Jean-Yves F. Barbier ha scritto:
> The regular way to do it is to have the projector correctly adjusted to its
> nominal speed(s) by regularly sending it to a specialist.
> However, it is very easy to get a square signal from the projector, integrate
> it, and make an sound lock loop (through a PLL, exactly alike radio frequency
> generators), the only parameter added is: what is my non-audible timing speed 
> I can use to vary sound, so people won't ear the drift catch; this has a 
> specific
> name in PLL but I didn't touch it for years, so I don't remember it.
>   
At which frequency this square wave runs? The PLL seems too much for 
this... (see later)
>>>> Many years ago, in the time of i386 machines, I programmed a similar 
>>>> thing under DOS with PowerBasic, but as far as I remember, I never found 
>>>> an easy way of reading the impulses, and of course I missed an app for 
>>>>         
>>> Use the parallel port, or on some machines (if it already exists) the swi 
>>> switch/connector.
>>>       
>> Good idea :-) But which switch/connector do you mean?
>>     
>
> I don't know it it already exists but there was such a connector (at least; 
> sometimes
> a physical switch) that raises an SWI (SoftWare Interrupt), this way you just 
> have to
> have a small launcher @ SWI address to interract [well, that's not so easy, 
> because
> usually SWI also need an 8 bits address present on the bus @ SWI trigger 
> time].
> You have to make research because this info comes from quite a bit of time 
> ago.
>
> The other way is to build a special addon card with an embedded DSP, which 
> will be
> able to solve all @ once (but at a cost that is non-trivial.)
>
> JY
>   
The ISA bus was very easy to operate, and there was also a pin which 
raised INT3 (debug interrupt); anyway, it was easy to grab any other 
interrupt.

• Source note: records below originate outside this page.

(* Let $\tau$ be a representation of a Lie group $\mathbf{G}\subseteq\mathrm{GL}(D)$ on $\mathbb{K}^N$ ($\mathbb{K}\in\{\mathbb{R},\mathbb{C}\}$) and let $\mathcal{D}_B=\sum_{j=1}^DB_j\partial/\partial x_j+mE$ be covariant with respect to $\tau$, with symbol $\sigma_{\mathcal{D}_B}(p_1,\dots,p_D)=i\sum_{j=1}^DB_jp_j$. (a) If $\mathbf{G}\subseteq\mathrm{O}(D)$, the form of $\sigma_{\mathcal{D}_B}$ does not change under the simultaneous coordinate transformations $x\mapsto gx$ in $\mathbb{R}^D$ and $y\mapsto\tau(g)y$ in $\mathbb{K}^N$; that is, $\sigma_{\mathcal{D}_B}(gp)=\tau(g)\,\sigma_{\mathcal{D}_B}(p)\,\tau(g)^{-1}$ for all $g\in\mathbf{G}$, $p\in\mathbb{R}^D$. (b) If $\mathbf{G}$ is $\mathrm{SO}(D)$ or $\mathrm{O}(D)$, then $\det\sigma_{\mathcal{D}_B}(p_1,\dots,p_D)=C\,(p_1^2+\dots+p_D^2)^n$ for some constant $C\in\mathbb{C}$ and $n\in\mathbb{N}$; moreover, if $N$ is odd then $C=0$ (so elliptic operators covariant with respect to a representation of $\mathrm{SO}(D)$ or $\mathrm{O}(D)$ can exist only if $N$ is even).
   Context: $E$ is the $N\times N$ identity matrix, $m\in\mathbb{R}$, $B_j\in M_{N\times N}(\mathbb{K})$. Covariance of $\mathcal{D}_B$ with respect to $\tau$ means $\sum_{k=1}^D g_{jk}\,\tau(g)B_k\tau(g^{-1})=B_j$ for all $j$ and all $g\in\mathbf{G}$ ($g_{jk}$ the entries of $g$). *)

From HB Require Import structures.
From mathcomp Require Import all_boot all_order all_algebra.
From mathcomp Require Import reals.
From mathcomp Require Export complex.
Set Implicit Arguments. Unset Strict Implicit. Unset Printing Implicit Defensive.
Import Order.TTheory GRing.Theory Num.Theory.
Local Open Scope ring_scope.
Local Open Scope complex_scope.

Inductive scalar_field := K_R | K_C.

(* An element of C lies in K (viewed inside C). *)
Definition in_K (R : rcfType) (K : scalar_field) (z : R[i]) : bool :=
  if K is K_R then Im z == 0 else true.

Definition mx_in_K (R : rcfType) (K : scalar_field) (N : nat) (A : 'M[R[i]]_N) :=
  forall i j, in_K K (A i j).

Definition orthogonal_mx (R : rcfType) (D : nat) (g : 'M[R]_D) : bool :=
  g *m g^T == 1%:M.
Definition special_orthogonal_mx (R : rcfType) (D : nat) (g : 'M[R]_D) : bool :=
  orthogonal_mx g && (\det g == 1).

Definition is_subgroup_GL (R : rcfType) (D : nat) (G : 'M[R]_D -> Prop) :=
  [/\ G 1%:M,
      (forall g, G g -> g \in unitmx),
      (forall g h, G g -> G h -> G (g *m h)) &
      (forall g, G g -> G (invmx g))].

Definition is_representation (R : rcfType) (K : scalar_field) (D N : nat)
    (G : 'M[R]_D -> Prop) (tau : 'M[R]_D -> 'M[R[i]]_N) :=
  [/\ (forall g, G g -> tau g \in unitmx),
      (forall g, G g -> mx_in_K K (tau g)),
      tau 1%:M = 1%:M &
      (forall g h, G g -> G h -> tau (g *m h) = tau g *m tau h)].

(* Covariance of D_B = sum_j B_j d/dx_j + m E with respect to tau:
   sum_k g_jk tau(g) B_k tau(g)^{-1} = B_j for all j and g in G. *)
Definition covariant (R : rcfType) (D N : nat) (G : 'M[R]_D -> Prop)
    (tau : 'M[R]_D -> 'M[R[i]]_N) (B : 'I_D -> 'M[R[i]]_N) :=
  forall g, G g -> forall j : 'I_D,
    \sum_(k < D) (g j k)%:C *: (tau g *m B k *m invmx (tau g)) = B j.

Definition symbol (R : rcfType) (D N : nat) (B : 'I_D -> 'M[R[i]]_N)
    (p : 'cV[R]_D) : 'M[R[i]]_N :=
  'i *: \sum_(j < D) (p j 0)%:C *: B j.

From HB Require Import structures.
From mathcomp Require Import all_boot all_order all_algebra.
From mathcomp Require Import reals complex ring.
Import Order.TTheory GRing.Theory Num.Theory.
Local Open Scope ring_scope.
Local Open Scope complex_scope.
Set Implicit Arguments. Unset Strict Implicit.

(* For orthogonal g the covariance relation can be inverted by g^T, which
   gives sigma(g p) = tau(g) sigma(p) tau(g)^-1; hence f(p) := det sigma(p) is
   invariant under G and homogeneous of degree N. Householder reflections (and,
   for SO(D) with D >= 2, products of two of them) act transitively on every
   sphere, so f(p) = |p|^N f(e_1). When N is odd, f(-p) = (-1)^N f(p) = f(p)
   forces f = 0. *)

Lemma det_1DmulmxC (F : comPzRingType) m n (A : 'M[F]_(m, n)) (B : 'M[F]_(n, m)) :
  \det (1%:M + A *m B) = \det (1%:M + B *m A).
Proof.
pose M := block_mx 1%:M A (- B) 1%:M.
have M_lu : M = block_mx 1%:M 0 (- B) 1%:M *m block_mx 1%:M A 0 (1%:M + B *m A).
  by rewrite mulmx_block !mul1mx !mulmx1 !mul0mx !addr0 mulNmx addrCA addNr addr0.
have M_ul : M = block_mx (1%:M + A *m B) A 0 1%:M *m block_mx 1%:M 0 (- B) 1%:M.
  by rewrite mulmx_block !mul1mx !mulmx1 !mul0mx !mulmx0 !add0r mulmxN addrK.
have := congr1 determinant M_lu.
by rewrite {1}M_ul !det_mulmx det_lblock det_ublock det_ublock !det1 !mul1r !mulr1.
Qed.

Section Euclidean.
Variables (R : rcfType) (n : nat).
Implicit Types (a b v w : 'cV[R]_n) (g h : 'M[R]_n).

Definition vdot a b := \sum_(i < n) a i 0 * b i 0.

Lemma trmx_mul_vdot a b : a^T *m b = (vdot a b)%:M.
Proof.
apply/matrixP => i j; rewrite !ord1 !mxE eqxx mulr1n.
by apply: eq_bigr => k _; rewrite mxE.
Qed.

Lemma vdotC a b : vdot a b = vdot b a.
Proof. by apply: eq_bigr => i _; rewrite mulrC. Qed.

Lemma vdotBl a b c : vdot (a - b) c = vdot a c - vdot b c.
Proof. by rewrite /vdot -sumrB; apply: eq_bigr => i _; rewrite !mxE mulrBl. Qed.

Lemma vdotBr a b c : vdot c (a - b) = vdot c a - vdot c b.
Proof. by rewrite !(vdotC c) vdotBl. Qed.

Lemma vdotNN a : vdot (- a) (- a) = vdot a a.
Proof. by apply: eq_bigr => i _; rewrite !mxE mulrNN. Qed.

Lemma vdotZZ (r : R) a : vdot (r *: a) (r *: a) = r ^+ 2 * vdot a a.
Proof.
rewrite /vdot mulr_sumr; apply: eq_bigr => i _; rewrite !mxE; ring.
Qed.

Lemma vdot_ge0 a : 0 <= vdot a a.
Proof. by apply: sumr_ge0 => i _; rewrite -expr2 sqr_ge0. Qed.

Lemma vdot_eq0 a : (vdot a a == 0) = (a == 0).
Proof.
apply/idP/idP => [|/eqP->]; last by rewrite /vdot big1 // => i _; rewrite mxE mul0r.
rewrite /vdot psumr_eq0 => [/allP a0|i _]; last by rewrite -expr2 sqr_ge0.
apply/eqP/matrixP => i j; rewrite !ord1 mxE.
by have := a0 i (mem_index_enum _); rewrite mulf_eq0 orbb => /eqP.
Qed.

Lemma exists_vdot_eq0 b : (2 <= n)%N -> exists2 w, w != 0 & vdot w b = 0.
Proof.
move=> n_ge2; set K := kermx b.
have : \rank K != 0%N.
  by rewrite mxrank_ker subn_eq0 -ltnNge (leq_ltn_trans (rank_leq_col b)).
rewrite mxrank_eq0 => K_neq0.
have [i Ki_neq0] : exists i, row i K != 0.
  apply/existsP; apply: contraNT K_neq0 => /existsPn Krows0.
  by apply/eqP/row_matrixP => i; rewrite row0; apply/eqP/negPn/Krows0.
exists (row i K)^T; first by rewrite trmx_eq0.
have := congr1 (fun M : 'M_1 => M 0 0) (trmx_mul_vdot (row i K)^T b).
by rewrite /= trmxK -row_mul mulmx_ker row0 !mxE eqxx mulr1n.
Qed.

Definition householder v : 'M[R]_n := 1%:M - (2 / vdot v v) *: (v *m v^T).

Lemma householder_mul v a :
  householder v *m a = a - (2 * vdot v a / vdot v v) *: v.
Proof.
rewrite mulmxBl mul1mx -scalemxAl -mulmxA trmx_mul_vdot mul_mx_scalar scalerA.
by rewrite mulrAC.
Qed.

Lemma tr_householder v : (householder v)^T = householder v.
Proof. by rewrite linearB /= trmx1 linearZ /= trmx_mul trmxK. Qed.

Lemma householder_orthogonal v : v != 0 -> orthogonal_mx (householder v).
Proof.
rewrite -vdot_eq0 => vv_neq0; rewrite /orthogonal_mx tr_householder; apply/eqP.
rewrite mulmxBl mul1mx mulmxBr mulmx1 -!scalemxAl -!scalemxAr.
rewrite -mulmxA (mulmxA v^T) trmx_mul_vdot mul_scalar_mx -scalemxAr !scalerA.
set c := 2 / vdot v v.
have -> : c * (c * vdot v v) = c *+ 2 by rewrite /c divfK // mulr_natr.
by rewrite -scalerMnl mulr2n opprB addrK subrK.
Qed.

Lemma det_householder v : v != 0 -> \det (householder v) = -1.
Proof.
rewrite -vdot_eq0 => vv_neq0.
have -> : householder v = 1%:M + (- (2 / vdot v v) *: v) *m v^T.
  by rewrite /householder -scalemxAl scaleNr.
rewrite det_1DmulmxC -scalemxAr.
rewrite trmx_mul_vdot scale_scalar_mx -raddfD det_scalar1 mulNr divfK //.
by rewrite -[2]/(1 + 1) opprD addNKr.
Qed.

Lemma householder_vdot0 w b : vdot w b = 0 -> householder w *m b = b.
Proof. by move=> wb0; rewrite householder_mul wb0 mulr0 mul0r scale0r subr0. Qed.

Lemma householder_swap a b :
  vdot a a = vdot b b -> a != b -> householder (a - b) *m a = b.
Proof.
move=> ab_eq; rewrite -subr_eq0 -vdot_eq0 => ab_neq0; rewrite householder_mul.
have -> : 2 * vdot (a - b) a = vdot (a - b) (a - b).
  rewrite vdotBr !vdotBl ab_eq (vdotC b a); ring.
by rewrite divff // scale1r opprB addrC subrK.
Qed.

Lemma orthogonal_mx_mul g h :
  orthogonal_mx g -> orthogonal_mx h -> orthogonal_mx (g *m h).
Proof.
move=> /eqP gg /eqP hh; rewrite /orthogonal_mx trmx_mul -mulmxA (mulmxA h).
by rewrite hh mul1mx gg.
Qed.

Lemma orthogonal_mx1 : @orthogonal_mx R n 1%:M.
Proof. by rewrite /orthogonal_mx trmx1 mulmx1. Qed.

Lemma orthogonal_sphere_orbit a b :
  vdot a a = vdot b b -> exists2 g, orthogonal_mx g & g *m a = b.
Proof.
move=> ab_eq; have [<-|ab_neq] := eqVneq a b.
  by exists 1%:M; rewrite ?mul1mx ?orthogonal_mx1.
exists (householder (a - b)); last exact: householder_swap.
by rewrite householder_orthogonal // subr_eq0.
Qed.

Lemma special_orthogonal_sphere_orbit a b : (2 <= n)%N ->
  vdot a a = vdot b b -> exists2 g, special_orthogonal_mx g & g *m a = b.
Proof.
move=> n_ge2 ab_eq; have [<-|ab_neq] := eqVneq a b.
  exists 1%:M; last exact: mul1mx.
  by rewrite /special_orthogonal_mx orthogonal_mx1 det1 eqxx.
(* Reflecting in the hyperplane w^perp fixes b and restores determinant 1. *)
have [w w_neq0 wb0] := exists_vdot_eq0 b n_ge2.
have ab_neq0 : a - b != 0 by rewrite subr_eq0.
exists (householder w *m householder (a - b)).
  rewrite /special_orthogonal_mx orthogonal_mx_mul ?householder_orthogonal //=.
  by rewrite det_mulmx !det_householder // mulrNN mulr1.
by rewrite -mulmxA householder_swap // householder_vdot0.
Qed.

End Euclidean.

Lemma sphere_invariant_homogeneous (R : rcfType) n k (f : 'cV[R]_n -> R[i]) :
    (forall c p, f (c *: p) = c%:C ^+ k * f p) ->
    (forall a b, vdot a a = vdot b b -> f a = f b) ->
  exists C, (forall p, f p = C * (vdot p p)%:C ^+ k./2) /\ (odd k -> C = 0).
Proof.
move=> fZ f_sphere.
have f_odd0 p : odd k -> f p = 0.
  move=> k_odd; have : f (- p) = f p by apply: f_sphere; rewrite vdotNN.
  rewrite -scaleN1r fZ rmorphN1 -signr_odd k_odd expr1 mulN1r => /eqP.
  by rewrite eq_sym -subr_eq0 opprK -mulr2n mulrn_eq0 => /eqP.
(* Dimension 0 has no unit vector to normalise against. *)
case: n f fZ f_sphere f_odd0 => [|n] f fZ f_sphere f_odd0.
  exists (f 0); split=> [p|/f_odd0 //]; rewrite [p]flatmx0.
  case k_half: k./2 => [|h]; first by rewrite expr0 mulr1.
  have k_gt0 : (0 < k)%N by case: (k) k_half.
  have f00 : f 0 = 0.
    by rewrite -{1}(scale0r (0 : 'cV_0)) fZ rmorph0 expr0n gtn_eqF // mul0r.
  by rewrite f00 mul0r.
pose e : 'cV[R]_n.+1 := delta_mx 0 0.
have ee : vdot e e = 1.
  rewrite /vdot (bigD1 0) //= big1 => [|j /negbTE j_neq0].
    by rewrite !mxE eqxx mulr1 addr0.
  by rewrite !mxE j_neq0 mul0r.
exists (f e); split=> [p|/f_odd0 //].
set r := Num.sqrt (vdot p p).
have -> : f p = f (r *: e) by apply: f_sphere; rewrite vdotZZ ee mulr1 sqr_sqrtr ?vdot_ge0.
rewrite fZ mulrC; case k_odd: (odd k); first by rewrite f_odd0 ?mul0r.
rewrite -[in r%:C ^+ k](odd_double_half k) k_odd add0n -mul2n exprM -rmorphXn.
by rewrite sqr_sqrtr ?vdot_ge0.
Qed.

Section Covariance.
Variables (R : rcfType) (D N : nat) (G : 'M[R]_D -> Prop).
Variables (tau : 'M[R]_D -> 'M[R[i]]_N) (B : 'I_D -> 'M[R[i]]_N).

Lemma symbolZ c p : symbol B (c *: p) = c%:C *: symbol B p.
Proof.
rewrite /symbol [RHS]scalerA (mulrC c%:C) -scalerA; f_equal; rewrite scaler_sumr.
by apply: eq_bigr => j _; rewrite mxE scalerA rmorphM.
Qed.

Hypothesis covB : covariant G tau B.

Lemma covariant_orthogonal_trmx g k : G g -> orthogonal_mx g ->
  \sum_(j < D) (g j k)%:C *: B j = tau g *m B k *m invmx (tau g).
Proof.
move=> Gg /eqP/mulmx1C gTg.
under eq_bigr => j _ do rewrite -(covB Gg j) scaler_sumr.
rewrite exchange_big /=.
under eq_bigr => l _ do under eq_bigr => j _ do rewrite scalerA -rmorphM.
under eq_bigr => l _ do rewrite -scaler_suml -rmorph_sum.
have gTgE l : \sum_(j < D) g j k * g j l = (k == l)%:R.
  have := congr1 (fun M : 'M_D => M k l) gTg; rewrite /= !mxE => <-.
  by apply: eq_bigr => j _; rewrite mxE.
under eq_bigr => l _ do rewrite gTgE.
rewrite (bigD1 k) //= big1 => [|l l_neq_k]; first by rewrite eqxx scale1r addr0.
by rewrite eq_sym (negbTE l_neq_k) scale0r.
Qed.

Lemma symbol_orthogonal_conj g p : G g -> orthogonal_mx g ->
  symbol B (g *m p) = tau g *m symbol B p *m invmx (tau g).
Proof.
move=> Gg g_orth; rewrite /symbol -scalemxAr -scalemxAl; congr (_ *: _).
rewrite mulmx_sumr mulmx_suml.
under [RHS]eq_bigr => k _ do
  rewrite -scalemxAr -scalemxAl -covariant_orthogonal_trmx // scaler_sumr.
rewrite exchange_big /=; apply: eq_bigr => j _.
rewrite mxE rmorph_sum scaler_suml; apply: eq_bigr => k _.
by rewrite scalerA rmorphM mulrC.
Qed.

Lemma det_symbol_orthogonal g p : G g -> orthogonal_mx g -> tau g \in unitmx ->
  \det (symbol B (g *m p)) = \det (symbol B p).
Proof.
move=> Gg g_orth tau_unit; rewrite symbol_orthogonal_conj // !det_mulmx det_inv.
by rewrite (mulrC (\det (tau g))) mulfK // -unitfE -unitmxE.
Qed.

End Covariance.

Theorem lemma2p7 (R : realType) (K : scalar_field) (D N : nat)
    (G : 'M[R]_D -> Prop) (tau : 'M[R]_D -> 'M[R[i]]_N)
    (B : 'I_D -> 'M[R[i]]_N) (m : R) :
  is_subgroup_GL G ->
  is_representation K G tau ->
  (forall j, mx_in_K K (B j)) ->
  covariant G tau B ->
  (* (a) *)
  ((forall g, G g -> orthogonal_mx g) ->
     forall g p, G g ->
       symbol B (g *m p) = tau g *m symbol B p *m invmx (tau g)) /\
  (* (b) *)
  ((forall g, G g <-> special_orthogonal_mx g) /\ (2 <= D)%N \/
   (forall g, G g <-> orthogonal_mx g) ->
     exists (C : R[i]) (n : nat),
       (forall p : 'cV[R]_D,
          \det (symbol B p) = C * ((\sum_(j < D) p j 0 ^+ 2)%:C) ^+ n) /\
       (odd N -> C = 0)).
Proof.
move=> _ [tau_unit _ _ _] _ covB.
split=> [G_orth g p Gg | G_full].
  exact: (symbol_orthogonal_conj covB p Gg (G_orth g Gg)).
have G_orth g : G g -> orthogonal_mx g.
  by case: G_full => [[G_SO _] /G_SO /andP[] | G_O /G_O].
have G_sphere_orbit a b : vdot a a = vdot b b -> exists2 g, G g & g *m a = b.
  case: G_full => [[G_SO D_ge2] | G_O] ab_eq.
  - by have [g /G_SO Gg <-] := special_orthogonal_sphere_orbit D_ge2 ab_eq; exists g.
  - by have [g /G_O Gg <-] := orthogonal_sphere_orbit ab_eq; exists g.
have det_symbolZ c p : \det (symbol B (c *: p)) = c%:C ^+ N * \det (symbol B p).
  by rewrite symbolZ detZ.
have det_symbol_sphere a b :
    vdot a a = vdot b b -> \det (symbol B a) = \det (symbol B b).
  move=> /G_sphere_orbit [g Gg <-].
  by rewrite (det_symbol_orthogonal covB) ?G_orth ?tau_unit.
have [C [detE C_N_odd]] := sphere_invariant_homogeneous det_symbolZ det_symbol_sphere.
(* vdot p p is convertible to the sum of squares in the statement. *)
by exists C, N./2; split=> // p; rewrite detE.
Qed.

The PCI bus is very complicated instead. But... could'nt it 
work to use some USB adapter, perhaps a USB-to-parallel (5V interface, 
it has an ACK interrupt) or an USB-to-serial (it has interrupt too, for 
modem line change). Last resort, he he he..., use a USB mouse for the 
normal work, and a fake mouse in the PS/2 port (several switches: left 
button, right, middle and others, wheel). This last solution is not fast 
enough, perhaps - the system talks to the mouse with a serial interface. 
But probably, with added hardware (a small CPU), this last way  is still 
more simple than going with the PCI bus. At least, there is no need to 
open the case... the CPU can count pulses very quickly (in real 
real-time), and pass to the computer some data more easy to manage.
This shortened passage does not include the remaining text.